All the stacks were collected with a 10x objective (NA= 0.30, working distance (WD) = 16 mm) which put no constraints on the sample sizes. A 20x objective was occasionally used with a WD of 1 mm. At magnifications higher than this the WD diminishes such that it precludes volumes larger than a single villus.

This protocol now enables the collection of image sets with volumes that are 5-10 folds higher than previously obtainable. At this scale, the collective vascular networking of hundreds of terminal villi can be investigated.

This in turn will lead new and improved models of such critical features as inter- and intravillous oxygen diffusion based on intracapillary geometry as done previously in 2D in routine histology samples at 10-20x ¹⁵ and others have done in much smaller samples ^8,16. Moreover, the stacks generated using this protocol should aid in modeling the intervillous geometry. At the level of the samples used in this study, intervillous flow is too slow to be visualized by Doppler or other techniques. However, whether intervillous geometry allows a uniform exposure of every villous surface (and its subjacent capillaries) to maternal flow or whether a too sparse or too crowded intervillous space renders maternal-fetal transfer less efficient is yet to be examined.

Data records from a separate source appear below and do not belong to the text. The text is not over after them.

(* Let $\Sigma$ be a finite alphabet with at least two symbols. Define $\delta:\Sigma^{\mathbb{N}}\times\Sigma^{\mathbb{N}}\to\mathbb{R}$ by $\delta(x,x)=0$ and, for $x\neq y$, $\delta(x,y)=2^{-n}$ where $n$ is the minimal number of states of a Büchi automaton that separates $x$ and $y$. Then: (1) $\delta$ is a distance on $\Sigma^{\mathbb{N}}$; (2) $\delta$ is compatible with the Büchi topology $\tau_B$; (3) $\delta$ is not complete.
   Context: A Büchi automaton is $\mathcal{A}=(\Sigma,Q,Q_i,Q_f,\delta)$ with finite state set $Q$, initial states $Q_i$, final states $Q_f$, transitions $\subseteq Q\times\Sigma\times Q$; a run on $\sigma\in\Sigma^{\mathbb{N}}$ is $(q_n)_n$ with $q_0\in Q_i$ and each $(q_n,\sigma(n),q_{n+1})$ a transition; it is accepting if it visits $Q_f$ infinitely often; $L(\mathcal{A})$ is the set of words with an accepting run; $|\mathcal{A}|=|Q|$. A language is $\omega$-regular if it equals some $L(\mathcal{A})$. $\mathcal{A}$ separates $x$ and $y$ if exactly one of $x,y$ lies in $L(\mathcal{A})$. $\tau_B$ is the topology on $\Sigma^{\mathbb{N}}$ generated by the $\omega$-regular languages. *)

From Stdlib Require Import Reals Lra List Classical ClassicalEpsilon.
Open Scope R_scope.
Set Implicit Arguments.

Definition word (Sg : Type) := nat -> Sg.

(** A Büchi automaton with state set Q = {0, ..., nst-1}; |A| = nst.
    Initial states, final states and transitions are given as predicates;
    only their restriction to Q matters (runs stay inside Q). *)
Record buchi (Sg : Type) := Buchi {
  nst : nat;
  binit : nat -> Prop;
  bfinal : nat -> Prop;
  btrans : nat -> Sg -> nat -> Prop
}.

Definition is_run (Sg : Type) (A : buchi Sg) (w : word Sg) (r : nat -> nat) : Prop :=
  binit A (r 0%nat) /\
  forall k : nat, (r k < nst A)%nat /\ btrans A (r k) (w k) (r (Datatypes.S k)).

Definition is_accepting (Sg : Type) (A : buchi Sg) (r : nat -> nat) : Prop :=
  forall N : nat, exists k : nat, (N <= k)%nat /\ bfinal A (r k).

Definition accepts (Sg : Type) (A : buchi Sg) (w : word Sg) : Prop :=
  exists r, is_run A w r /\ is_accepting A r.

Definition omega_regular (Sg : Type) (L : word Sg -> Prop) : Prop :=
  exists A : buchi Sg, forall w, L w <-> accepts A w.

Definition separates (Sg : Type) (A : buchi Sg) (x y : word Sg) : Prop :=
  ~ (accepts A x <-> accepts A y).

Definition is_min_sep (Sg : Type) (x y : word Sg) (n : nat) : Prop :=
  (exists A : buchi Sg, nst A = n /\ separates A x y) /\
  (forall A : buchi Sg, separates A x y -> (n <= nst A)%nat).

Definition delta (Sg : Type) (x y : word Sg) : R :=
  if excluded_middle_informative (x = y) then 0
  else / 2 ^ (epsilon (inhabits 0%nat) (is_min_sep x y)).

Definition is_distance (X : Type) (d : X -> X -> R) : Prop :=
  (forall x y, 0 <= d x y) /\
  (forall x y, d x y = 0 <-> x = y) /\
  (forall x y, d x y = d y x) /\
  (forall x y z, d x z <= d x y + d y z).

Definition metric_open (X : Type) (d : X -> X -> R) (U : X -> Prop) : Prop :=
  forall x, U x -> exists eps, 0 < eps /\ forall y, d x y < eps -> U y.

(** Open sets of tau_B, the topology generated by the omega-regular languages
    (arbitrary unions of finite intersections of omega-regular languages). *)
Definition buchi_open (Sg : Type) (U : word Sg -> Prop) : Prop :=
  forall x, U x ->
    exists Ls : list (word Sg -> Prop),
      (forall L, In L Ls -> omega_regular L /\ L x) /\
      (forall y, (forall L, In L Ls -> L y) -> U y).

Definition cauchy (X : Type) (d : X -> X -> R) (u : nat -> X) : Prop :=
  forall eps, 0 < eps -> exists N : nat, forall m n : nat,
    (N <= m)%nat -> (N <= n)%nat -> d (u m) (u n) < eps.

Definition converges (X : Type) (d : X -> X -> R) (u : nat -> X) : Prop :=
  exists l : X, forall eps, 0 < eps -> exists N : nat, forall n : nat,
    (N <= n)%nat -> d (u n) l < eps.

Definition complete (X : Type) (d : X -> X -> R) : Prop :=
  forall u : nat -> X, cauchy d u -> converges d u.

(* The open ball of radius 2^-N around x consists of the words that no Büchi automaton with
   at most N states separates from x.  Recording, for a finite word and for every transition
   structure on N states, which pairs of states the word connects (and whether through a final
   state) gives a multiplicative "profile" with finitely many values, and two infinite words cut
   into blocks with equal profiles are accepted by the same automata with at most N states.
   By Ramsey's theorem every word x factors as u v1 v2 ... with all vi of one profile; an
   automaton guessing such factorizations recognizes an omega-regular neighbourhood of x inside
   the ball.  Conversely, finitely many omega-regular languages are recognized by automata with
   at most K states, so their intersection contains the ball of radius 2^-K around each of its
   points.  An automaton separating x and z separates x from y or y from z, so [delta] is even
   an ultrametric.  Finally a^(n!) b a^omega is a Cauchy sequence, because the profiles of a^t
   are eventually periodic, while a limit would have to be a^omega, which the two-state
   automaton "b occurs" separates from every term. *)

From Stdlib Require Import Reals List Lra Lia Arith Factorial Wf_nat FinFun.
From Stdlib Require Import Classical ClassicalEpsilon FunctionalExtensionality PropExtensionality.
Import ListNotations Fin2Restrict.
Open Scope nat_scope.

Lemma Finite_prod (A B : Type) : Finite A -> Finite B -> Finite (A * B).
Proof.
  intros [lA HA] [lB HB]. exists (list_prod lA lB). intros [x y]. apply in_prod; auto.
Qed.

Lemma Finite_option (A : Type) : Finite A -> Finite (option A).
Proof.
  intros [l H]. exists (None :: map Some l).
  intros [x|]; [right; apply in_map, H | left; reflexivity].
Qed.

Lemma Finite_bool : Finite bool.
Proof. exists [true; false]. intros []; simpl; auto. Qed.

Lemma Finite_Prop : Finite Prop.
Proof.
  exists [True; False]. intros P. destruct (classic P) as [HP|HP].
  - left. apply propositional_extensionality. tauto.
  - right. left. apply propositional_extensionality. tauto.
Qed.

Lemma Finite_arrow (A B : Type) : Finite A -> Finite B -> Finite (A -> B).
Proof.
  intros [lA HA] [lB HB].
  assert (Hrestr : forall l : list A, exists L : list (A -> B), forall f, exists g,
      In g L /\ forall a, In a l -> g a = f a).
  { induction l as [|a0 l [L HL]].
    - destruct (classic (inhabited (A -> B))) as [[f0]|Hempty].
      + exists [f0]. intros f. exists f0. split; [left; reflexivity | intros a []].
      + exists []. intros f. exfalso. apply Hempty. constructor. exact f.
    - set (upd := fun (g : A -> B) (b : B) (x : A) =>
                    if excluded_middle_informative (x = a0) then b else g x).
      exists (flat_map (fun g => map (upd g) lB) L).
      intros f. destruct (HL f) as [g [Hg Hgf]].
      exists (upd g (f a0)). split.
      + apply in_flat_map. exists g. split; [exact Hg|]. apply in_map, HB.
      + intros a Ha. unfold upd. destruct (excluded_middle_informative (a = a0)) as [->|Hne].
        * reflexivity.
        * destruct Ha as [Ha|Ha]; [congruence | apply Hgf, Ha]. }
  destruct (Hrestr lA) as [L HL]. exists L. intros f.
  destruct (HL f) as [g [Hg Hgf]].
  replace f with g; [exact Hg|]. apply functional_extensionality. intros a. apply Hgf, HA.
Qed.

In the future, this protocol will be used to better define the development of placental vasculature during development and to determine trajectories of vascular network changes across normal gestation. Then these trajectories may be measured in pathologic pregnancies to provide information on when in gestation pregnancy complications begin to impact placental distal villous vascularization, and how those deviations alter function.